Playing Hasidic Woman in ‘Felix and Meira’ — Again
In the 2012 Israeli film “Fill the Void,” winsome actress Hadas Yaron played Shira Mendelman, a young Hasidic woman who (spoiler alert) marries her dead sister’s husband. Her portrayal of a religious girl in turmoil made such an impression on the international film community –– she took home the Volpi Award for Best Actress at the Venice Film Festival––that it almost completely destroyed her chances at playing the Hasidic heroine of “Felix and Meira,” opening across the US this week.
“I definitely had hesitation about playing a Hasidic woman again,” says Yaron, now twenty-five. Writer and director Maxime Giroux also worried that audiences would find the casting repetitive. “I actually didn’t want Hadas in the movie specifically because she was in Fill the Void, to be honest,” he told the Forward in January. Producers reached out to her without his knowledge, he said, but both Yaron and Giroux eventually concluded that despite initial hesitation, she was the right actress for the part.
Yasher koach to them both for that. Yaron’s performance as Meira, an unhappy housewife who falls for an aimless French-Canadian man-child, is a feat of restraint in this quiet, measured love story set in Montreal’s answer to Williamsburg. She deftly embodies the role of a woman raised to value modesty above all, whether it’s avoiding eye contact with men or sheepishly avoiding conflict with her husband. Undoubtedly Yaron owes some of her fluency in Haredi culture to her experience working on “Fill the Void.” For that film, Yaron, who was raised in a secular family in Tel Aviv, immersed herself in the study of Orthodox life with the director Rama Burshtein as a guide. A ba’al teshuva whose film treats the religious world affectionately, Burshtein took Yaron to meet rabbis and members of the community in order to get to know the lifestyle from the inside. “Talking to them, being a guest at Shabbat dinners and on holidays,” Yaron says of her crash course in Jewish observance, “just getting to know real people and not stereotypes.” Yaron’s view of the religious world was rosy as a result of this experience. “I understood a lot of the traditions and mitzvahs and what stood behind it, and it made me completely fall in love with these people and their way of living, so connected to their inner selves.”

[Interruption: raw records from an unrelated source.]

(* The heart of the matter is that every point e of E lies at distance 0 from
   B - v.  Indeed dist(e, B) = dist(A, B) <= |v|, so there are b in B with
   b - e a near-minimizer of the norm on the convex set B - A; by the
   parallelogram law all near-minimizers of the norm on a convex set are close
   to each other, hence b - e is close to v.
   Consequently m(x) := max(dist(x, A), dist(x, B - v)) is convex and vanishes
   on E, so m(e + l (x - e)) <= l m(x) for e in E and 0 <= l <= 1.  Pulling x
   towards a near-nearest point of E down to distance about eps from E turns
   the delta of regularity into a linear bound, and pulling x towards a fixed
   point of E into a fixed ball reduces regularity to bounded regularity when
   E is bounded. *)

Section Distance.
Context {R : realType} {V : completeNormedModType R}.
Implicit Types (x y p s : V) (S C : set V).

Lemma dist_ge0 x S : 0 <= dist x S.
Proof.
have [[s Ss]|S0] := pselect (S !=set0); last first.
  rewrite /dist (_ : [set `|x - t| | t in S] = set0) ?inf0 //.
  by apply/seteqP; split => // y [s Ss _]; case: S0; exists s.
apply: lb_le_inf; first by exists `|x - s|; exists s.
by move=> _ [t _ <-].
Qed.

Lemma dist_le x {S s} : S s -> dist x S <= `|x - s|.
Proof. by move=> Ss; apply: ge_inf; [exists 0 => _ [t _ <-] | exists s]. Qed.

Lemma dist_mem0 x {S} : S x -> dist x S = 0.
Proof.
move=> Sx; apply/eqP; rewrite eq_le dist_ge0 andbT.
by have := dist_le x Sx; rewrite subrr normr0.
Qed.

Lemma dist_ge x S c : S !=set0 -> (forall s, S s -> c <= `|x - s|) -> c <= dist x S.
Proof.
move=> [s Ss] lbS; apply: lb_le_inf; first by exists `|x - s|; exists s.
by move=> _ [t St <-]; exact: lbS.
Qed.

Lemma dist_approx x {S} e : S !=set0 -> 0 < e -> exists2 s, S s & `|x - s| < dist x S + e.
Proof.
move=> [s Ss] e0.
have infS : has_inf [set `|x - t| | t in S].
  by split; [exists `|x - s|; exists s | exists 0 => _ [t _ <-]].
by have [_ [t St <-]] := inf_adherent e0 infS; exists t.
Qed.

Lemma dist_lipschitz x y {S} : S !=set0 -> dist x S <= `|x - y| + dist y S.
Proof.
move=> S0; rewrite -lerBlDl; apply: dist_ge => // s Ss.
by rewrite lerBlDl; apply: le_trans (dist_le x Ss) (ler_distD y x s).
Qed.

Lemma segment_subr (l : R) x p : l *: x + (1 - l) *: p - p = l *: (x - p).
Proof. by rewrite scalerBl scale1r scalerBr addrA addrAC addrK. Qed.

Lemma subr_segment (l : R) x p : x - (l *: x + (1 - l) *: p) = (1 - l) *: (x - p).
Proof.
have -> : x - (l *: x + (1 - l) *: p) = (x - p) - (l *: x + (1 - l) *: p - p).
  by rewrite opprB addrA subrK.
by rewrite segment_subr scalerBl scale1r.
Qed.

Lemma dist_convex {C} x p (l : R) : convex C -> C !=set0 -> 0 <= l <= 1 ->
  dist (l *: x + (1 - l) *: p) C <= l * dist x C + (1 - l) * dist p C.
Proof.
move=> cC C0 /andP[l0 l1]; have l1' : 0 <= 1 - l by rewrite subr_ge0.
apply/ler_addgt0Pr => e e0.
have [c1 Cc1 xc1] := dist_approx x e C0 e0.
have [c2 Cc2 pc2] := dist_approx p e C0 e0.
apply: le_trans (dist_le _ (cC _ _ _ Cc1 Cc2 l0 l1)) _.
have -> : l *: x + (1 - l) *: p - (l *: c1 + (1 - l) *: c2)
        = l *: (x - c1) + (1 - l) *: (p - c2).
  by rewrite !scalerBr opprD addrACA.
apply: le_trans (ler_normD _ _) _.
rewrite !normrZ (ger0_norm l0) (ger0_norm l1').
have := ler_wpM2l l0 (ltW xc1); have := ler_wpM2l l1' (ltW pc2); lra.
Qed.

Lemma convex_translate_neg {C} v : convex C -> convex (translate_neg C v).
Proof.
move=> cC x y t [a Ca <-] [b Cb <-] t0 t1; exists (t *: a + (1 - t) *: b); first exact: cC.
by rewrite !scalerBr addrACA -opprD -scalerDl addrCA subrr addr0 scale1r.
Qed.

Lemma convex_set_diff {C D} : convex C -> convex D -> convex (set_diff D C).
Proof.
move=> cC cD _ _ t [d1 Dd1 [c1 Cc1 <-]] [d2 Dd2 [c2 Cc2 <-]] t0 t1.
exists (t *: d1 + (1 - t) *: d2); first exact: cD.
exists (t *: c1 + (1 - t) *: c2); first exact: cC.
by rewrite !scalerBr opprD addrACA.
Qed.

Lemma bounded_norm_ball (c : V) (r : R) : bounded_set [set x | `|x - c| <= r].
Proof.
exists (r + `|c|); split; first exact: num_real.
move=> M rcM x /= xc; have := ler_distD c x 0; rewrite !subr0; lra.
Qed.

End Distance.

Section Hilbert.
Context {R : realType} {V : completeNormedModType R} {ip : V -> V -> R}.
Hypothesis ipH : hilbert_inner ip.

Lemma parallelogram (x y : V) :
  `|x + y| ^+ 2 + `|x - y| ^+ 2 = 2 * `|x| ^+ 2 + 2 * `|y| ^+ 2.
Proof.
have [ipC ipL ipN] := ipH.
have ipD a b z : ip (a + b) z = ip a z + ip b z.
  by have := ipL 1 a b z; rewrite scale1r mul1r.
have ipNl a z : ip (- a) z = - ip a z.
  have ip0 : ip 0 z = 0 by have := ipL 1 0 0 z; rewrite scaler0 addr0 mul1r; lra.
  by have := ipL (-1) a 0 z; rewrite scaleN1r addr0 ip0 addr0 mulN1r.
rewrite !ipN !ipD !ipNl (ipC x (x + y)) (ipC y (x + y)) (ipC x (x - y)) (ipC y (x - y)).
rewrite !ipD !ipNl (ipC x y); ring.
Qed.

Lemma near_min_norm_sqr_dist {C : set V} {N eta : R} {u w : V} :
  convex C -> 0 <= N -> (forall z, C z -> N <= `|z|) -> C u -> C w ->
  `|u| <= N + eta -> `|w| <= N + eta -> `|w - u| ^+ 2 <= 4 * eta * (2 * N + eta).
Proof.
move=> cC N0 minN Cu Cw uN wN.
have half0 : (0 : R) <= 2^-1 by rewrite invr_ge0.
have half1 : (2^-1 : R) <= 1 by rewrite invf_le1 // ler1n.
have /minN : C (2^-1 *: w + (1 - 2^-1) *: u) by exact: cC.
have -> : (1 - 2^-1 : R) = 2^-1 by field.
rewrite -scalerDr normrZ ger0_norm // => midN.
have : (2 * N) ^+ 2 <= `|w + u| ^+ 2 by rewrite lerXn2r ?nnegrE ?mulr_ge0 //; lra.
have := parallelogram w u; have := normr_ge0 u; have := normr_ge0 w; nra.
Qed.

End Hilbert.

Section Displacement.
Context {R : realType} {V : completeNormedModType R} {ip : V -> V -> R}.
Context {A B : set V} {v : V}.
Hypotheses (ipH : hilbert_inner ip) (cA : convex A) (cB : convex B) (B0 : B !=set0).
Hypothesis displacement_v : is_displacement A B v.

Lemma norm_displacement_le w : set_diff B A w -> `|v| <= `|w|.
Proof.
move=> Dw; have [_ projv] := displacement_v.
by have := projv w (subset_closure Dw); rewrite !sub0r !normrN.
Qed.

Lemma displacement_approx {eta} : 0 < eta -> exists2 u, set_diff B A u & `|v - u| < eta.
Proof.
move=> eta0; have [vD _] := displacement_v.
have [u [Du]] := vD (ball v eta) (nbhsx_ballx v eta eta0).
by rewrite -ball_normE /ball_ => vu; exists u.
Qed.

Lemma dist_set_le_norm_displacement : dist_set A B <= `|v|.
Proof.
apply/ler_addgt0Pr => eta eta0.
have [_ [b Bb [a Aa <-]] vba] := displacement_approx eta0.
have distAB : dist_set A B <= dist a B.
  by apply: ge_inf; [exists 0 => _ [s _ <-]; exact: dist_ge0 | exists a].
apply: le_trans distAB _; apply: le_trans (dist_le a Bb) _.
have := ler_distD v (b - a) 0; rewrite !subr0 (distrC a) (distrC (b - a)); lra.
Qed.

Lemma setE_dist_translate_neg e : setE A B e -> dist e (translate_neg B v) = 0.
Proof.
move=> [Ae distE]; apply/eqP; rewrite eq_le dist_ge0 andbT.
apply/ler_addgt0Pr => tau tau0; rewrite add0r.
pose c := 16 * (2 * `|v| + 1).
have c0 : 0 < c by rewrite /c; have := normr_ge0 v; lra.
pose eta := Num.min 1 (Num.min (tau / 2) (tau ^+ 2 / c)).
have eta0 : 0 < eta by rewrite !lt_min ltr01 !divr_gt0 // exprn_gt0.
have eta1 : eta <= 1 by rewrite ge_min lexx.
have eta_tau : eta <= tau / 2 by rewrite !ge_min lexx orbT.
have eta_c : eta * c <= tau ^+ 2 by rewrite -ler_pdivlMr // !ge_min lexx !orbT.
have [b Bb eb] := dist_approx e eta B0 eta0.
have [u Du vu] := displacement_approx eta0.
have Dbe : set_diff B A (b - e) by exists b => //; exists e.
have be_le : `|b - e| <= `|v| + eta.
  have := dist_set_le_norm_displacement; rewrite distrC in eb; lra.
have u_le : `|u| <= `|v| + eta.
  have := ler_distD v u 0; rewrite !subr0 (distrC u); lra.
have close : `|b - e - u| ^+ 2 <= (tau / 2) ^+ 2.
  have := near_min_norm_sqr_dist ipH (convex_set_diff cA cB) (normr_ge0 v)
    norm_displacement_le Du Dbe u_le be_le.
  rewrite /c in eta_c; nra.
have {}close : `|b - e - u| <= tau / 2.
  by rewrite -(ler_pXn2r (n := 2)) // nnegrE // divr_ge0 // ltW.
apply: le_trans (dist_le e (_ : translate_neg B v (b - v))) _; first by exists b.
have -> : e - (b - v) = v - (b - e) by rewrite !opprB addrCA.
have := ler_distD u v (b - e); rewrite (distrC u); lra.
Qed.

End Displacement.

Section Regularity.
Context {R : realType} {V : completeNormedModType R} {A B : set V} {v : V}.

Local Notation E := (setE A B).
Local Notation dmax x := (Num.max (dist x A) (dist x (translate_neg B v))).

Lemma dmax_ge0 x : 0 <= dmax x.
Proof. by rewrite le_max dist_ge0. Qed.

Lemma linearly_regular_away_regular : linearly_regular_away A B v -> regular A B v.
Proof.
move=> linreg eps eps0; have [K K0 linK] := linreg eps eps0.
exists (eps / (2 * K)); first by rewrite divr_gt0 // mulr_gt0.
move=> x dmax_x; have [/ltW //|far] := ltP (dist x E) eps.
have := linK x far; have := ler_wpM2l (ltW K0) dmax_x.
have -> : K * (eps / (2 * K)) = eps / 2 by field; rewrite gt_eqF.
lra.
Qed.

Lemma regular_boundedly_regular : regular A B v -> boundedly_regular A B v.
Proof. by move=> reg S _ eps /reg[delta delta0 regd]; exists delta => // x _ /regd. Qed.

Hypotheses (cA : convex A) (cB : convex B) (A0 : A !=set0) (B0 : B !=set0).
Hypotheses (E0 : E !=set0) (dist_setE_translate : forall e, E e -> dist e (translate_neg B v) = 0).

Lemma dmax_segment_le x e (l : R) : E e -> 0 <= l <= 1 ->
  dmax (l *: x + (1 - l) *: e) <= l * dmax x.
Proof.
move=> Ee l01; have [Ae _] := Ee; have /andP[l0 _] := l01.
have Bv0 : translate_neg B v !=set0 by case: B0 => b Bb; exists (b - v), b.
have dA := dist_convex x e l cA A0 l01.
have dB := dist_convex x e l (convex_translate_neg v cB) Bv0 l01.
rewrite (dist_mem0 e Ae) mulr0 addr0 in dA.
rewrite (dist_setE_translate e Ee) mulr0 addr0 in dB.
by rewrite ge_max (le_trans dA) ?(le_trans dB) // ler_wpM2l // le_max lexx ?orbT.
Qed.

Lemma regular_linearly_regular_away : regular A B v -> linearly_regular_away A B v.
Proof.
move=> reg eps eps0.
have [delta delta0 regd] := reg (eps / 2) (divr_gt0 eps0 (ltr0Sn _ 1)).
exists (eps / delta); first by rewrite divr_gt0.
move=> x far.
have [e Ee xe] := dist_approx x (eps / 4) E0 (divr_gt0 eps0 (ltr0Sn _ 3)).
set r := `|x - e| in xe.
have xEr : dist x E <= r := dist_le x Ee.
have r0 : 0 < r by lra.
pose l := (3 * eps / 4) / r.
have lr : l * r = 3 * eps / 4 by rewrite mulfVK // lt0r_neq0.
have l0 : 0 <= l by apply: divr_ge0; lra.
have l1 : l <= 1 by rewrite ler_pdivrMr // mul1r; lra.
set y := l *: x + (1 - l) *: e.
have yE : eps / 2 < dist y E.
  have := dist_lipschitz x y E0.
  rewrite subr_segment normrZ ger0_norm ?subr_ge0 // mulrBl mul1r lr -/r; lra.
have dmax_y : delta < dmax y by rewrite ltNge; apply/negP => /regd; lra.
have : delta * r < l * dmax x * r.
  by rewrite ltr_pM2r //; apply: lt_le_trans dmax_y (dmax_segment_le x e l Ee _); rewrite l0.
rewrite mulrAC lr => lt_delta.
rewrite mulrAC ler_pdivlMr //; have := dmax_ge0 x; nra.
Qed.

Lemma boundedly_regular_regular :
  bounded_set E -> boundedly_regular A B v -> regular A B v.
Proof.
move=> [M [_ EM]] breg eps eps0.
have {}EM s : E s -> `|s| <= M + 1 by apply: EM; lra.
have [e Ee] := E0.
have M1 : 0 <= M + 1 by apply: le_trans (EM _ Ee).
pose rho := 2 * (M + 1) + eps + 1.
have rho0 : 0 < rho by rewrite /rho; lra.
have [delta delta0 bregd] := breg _ (bounded_norm_ball e rho) eps eps0.
exists delta => // x dmax_x.
have [/bregd/(_ dmax_x) //|far] := leP `|x - e| rho.
set r := `|x - e| in far.
have r0 : 0 < r by lra.
pose l := rho / r.
have l01 : 0 <= l <= 1.
  by rewrite /l divr_ge0 ?(ltW rho0) ?(ltW r0) //= ler_pdivrMr // mul1r (ltW far).
set y := l *: x + (1 - l) *: e.
have /andP[l0 l1] := l01.
have ye : `|y - e| = rho by rewrite segment_subr normrZ ger0_norm // mulfVK // lt0r_neq0.
have yE : dist y E <= eps.
  apply: bregd; first by rewrite /= ye.
  apply: le_trans (dmax_segment_le x e l Ee l01) _.
  by apply: le_trans dmax_x; rewrite ler_piMl ?dmax_ge0.
have : eps + 1 <= dist y E.
  apply: dist_ge => // s Es.
  have := ler_distD s y e; have := ler_normB s e; have := EM _ Es; have := EM _ Ee.
  rewrite ye /rho; lra.
lra.
Qed.

End Regularity.

Theorem proposition3p2 (R : realType) (V : completeNormedModType R)
  (ip : V -> V -> R) (A B : set V) (v : V) :
  hilbert_inner ip ->
  closed A -> convex A -> A !=set0 ->
  closed B -> convex B -> B !=set0 ->
  setE A B !=set0 -> setF A B !=set0 ->
  is_displacement A B v ->
  [/\ (linearly_regular_away A B v <-> regular A B v),
      (regular A B v -> boundedly_regular A B v)
    & (bounded_set (setE A B) -> boundedly_regular A B v -> regular A B v)].
Proof.
move=> ipH _ cA A0 _ cB B0 E0 _ displacement_v.
have dist_setE_translate := setE_dist_translate_neg ipH cA cB B0 displacement_v.
split; first split.
- exact: linearly_regular_away_regular.
- exact: regular_linearly_regular_away cA cB A0 B0 E0 dist_setE_translate.
- exact: regular_boundedly_regular.
- exact: boundedly_regular_regular cA cB A0 B0 E0 dist_setE_translate.
Qed.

While “Fill the Void” is something of a valentine to Hasidism, “Felix and Meira” explores Meira’s dissatisfaction with her insular community and her narrow role as mother and wife. Audiences –– undoubtedly a majority secular –– will view the baby steps Meira takes away from her cloistered world as “progress,” but Yaron was slow to see it that way. “At first I noticed this automatic objection rising in me,” she says. “I felt the story was judging Hasidic life and as I had just come from a very specific and profound point of view; it was difficult for me to realize that in a way I had become a bit closed-minded.” To undo her preconceptions, Yaron spoke to Hasidic women leading double lives; she also listened to the stories of her costar Luzer Twersky, who grew up religious in Brooklyn but became secular in his early twenties. “I had to understand how it felt to live this kind of life, and slowly drift away from it, losing the belief on which one grew up.” Eventually she came to view Meira’s journey as one of “bravery,” and says she admires her character. “She gave herself the opportunity to try and fail, to make mistakes, because she is inquisitive and wholly in touch with her feelings.” Still, Yaron says her previously favorable view of the Hasidic world hasn’t been entirely upended. “This is a whole and complex world and in it are a lot of different stories,” she says. “I relate to both [characters] not necessarily in terms of religion, but in terms of the human story.” It’s a good reminder to us all that while it can be tempting to view Meira and Shira –– indeed, at any two individuals –– as the same because they share some similarities, it’s a mistake to imagine their inner lives are identical, and their fates should be, too. Shira and Meira are both Hasidic women, but their similarities begin and end there.